Lemma full_chain_jordan_base :
  exists (Gamma : Type) (k : Gamma -> nat) (x : Gamma -> nat -> M),
    nilpotent_jordan_base phi k x /\ exists g0 : Gamma, forall g, g = g0.
Proof.
have n_gt0 := chain_gt0.
exists unit, (fun=> n), (fun _ i => x_ i.-1); split; last by exists tt; case.
split=> //.
- move=> _ i /andP[i_gt0 i_le]; apply/simple_cyclicP.
  by split; [apply: chain_neq0; lia | exact: simple_generator_iter].
- split=> [m | m f r finj fP sum0 i0].
    have [s ->] := full m; exists n, (fun j : 'I_n => (tt, j.+1)), (fun j => s j).
    by split=> // j; rewrite /= ltn_ord.
  pose g i := (f i).2.-1; have gn i : (g i < n)%N by have := fP i; rewrite /g; lia.
  have ginj : injective g.
    move=> i1 i2; rewrite /g => e; apply: finj; move: (fP i1) (fP i2) e.
    by case: (f i1) (f i2) => [[] a] [[] b] /= ha hb e; congr (_, _); lia.
  rewrite (sum_scale_fibers r (fun j => x_ j) gn) in sum0.
  have := chain_free (k := 0) (s := fun j => \sum_(i < m | g i == j) r i) sum0 (gn i0).
  by rewrite (big_pred1 i0) // => j; exact: inj_eq.
- by move=> _ [|i].
- by split; [rewrite /= -top_ker -{2}(prednK n_gt0) | exists n].
Qed.

Lemma full_chain_finitely_generated : finitely_generated M.
Proof. by exists n, (fun i : 'I_n => x_ i) => m; have [s ->] := full m; exists (fun i => s i). Qed.

Lemma full_chain_ker_maximal i : (i < n)%N ->
  maximal_in [set a | iter i phi a = 0] [set a | iter i.+1 phi a = 0].
Proof.
move=> ilt L [_ LD LZ] kerL Lker.
have [LQ|/existsNP[y /not_implyP[Ly yi]]] := pselect (L `<=` [set a | iter i phi a = 0]).
  by left.
right=> z zi.
have [r rE] := chain_span_ker (full (iter i phi y)) (Lker y Ly).
have [t tE] := chain_span_ker (full (iter i phi z)) zi.
have rx : r *: x_ n.-1 <> 0 by rewrite -rE.
have [u uE] := simple_generator_iter (k := n.-1) gx0 rx.
have -> : z = (z - (t * u) *: y) + (t * u) *: y by rewrite subrK.
apply: LD; last exact: LZ.
apply: kerL; rewrite /= linear_iterD -scaleNr linear_iterZ rE tE.
by rewrite scaleNr -scalerA uE subrr.
Qed.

Assignment
Reproduce, word for word, all of the entries above.

Your response
Lemma full_chain_jordan_base :
  exists (Gamma : Type) (k : Gamma -> nat) (x : Gamma -> nat -> M),
    nilpotent_jordan_base phi k x /\ exists g0 : Gamma, forall g, g = g0.
Proof.
have n_gt0 := chain_gt0.
exists unit, (fun=> n), (fun _ i => x_ i.-1); split; last by exists tt; case.
split=> //.
- move=> _ i /andP[i_gt0 i_le]; apply/simple_cyclicP.
  by split; [apply: chain_neq0; lia | exact: simple_generator_iter].
- split=> [m | m f r finj fP sum0 i0].
    have [s ->] := full m; exists n, (fun j : 'I_n => (tt, j.+1)), (fun j => s j).
    by split=> // j; rewrite /= ltn_ord.
  pose g i := (f i).2.-1; have gn i : (g i < n)%N by have := fP i; rewrite /g; lia.
  have ginj : injective g.
    move=> i1 i2; rewrite /g => e; apply: finj; move: (fP i1) (fP i2) e.
    by case: (f i1) (f i2) => [[] a] [[] b] /= ha hb e; congr (_, _); lia.
  rewrite (sum_scale_fibers r (fun j => x_ j) gn) in sum0.
  have := chain_free (k := 0) (s := fun j => \sum_(i < m | g i == j) r i) sum0 (gn i0).
  by rewrite (big_pred1 i0) // => j; exact: inj_eq.
- by move=> _ [|i].
- by split; [rewrite /= -top_ker -{2}(prednK n_gt0) | exists n].
Qed.

Lemma full_chain_finitely_generated : finitely_generated M.
Proof. by exists n, (fun i : 'I_n => x_ i) => m; have [s ->] := full m; exists (fun i => s i). Qed.

Lemma full_chain_ker_maximal i : (i < n)%N ->
  maximal_in [set a | iter i phi a = 0] [set a | iter i.+1 phi a = 0].
Proof.
move=> ilt L [_ LD LZ] kerL Lker.
have [LQ|/existsNP[y /not_implyP[Ly yi]]] := pselect (L `<=` [set a | iter i phi a = 0]).
  by left.
right=> z zi.
have [r rE] := chain_span_ker (full (iter i phi y)) (Lker y Ly).
have [t tE] := chain_span_ker (full (iter i phi z)) zi.
have rx : r *: x_ n.-1 <> 0 by rewrite -rE.
have [u uE] := simple_generator_iter (k := n.-1) gx0 rx.
have -> : z = (z - (t * u) *: y) + (t * u) *: y by rewrite subrK.
apply: LD; last exact: LZ.
apply: kerL; rewrite /= linear_iterD -scaleNr linear_iterZ rE tE.
by rewrite scaleNr -scalerA uE subrr.
Qed.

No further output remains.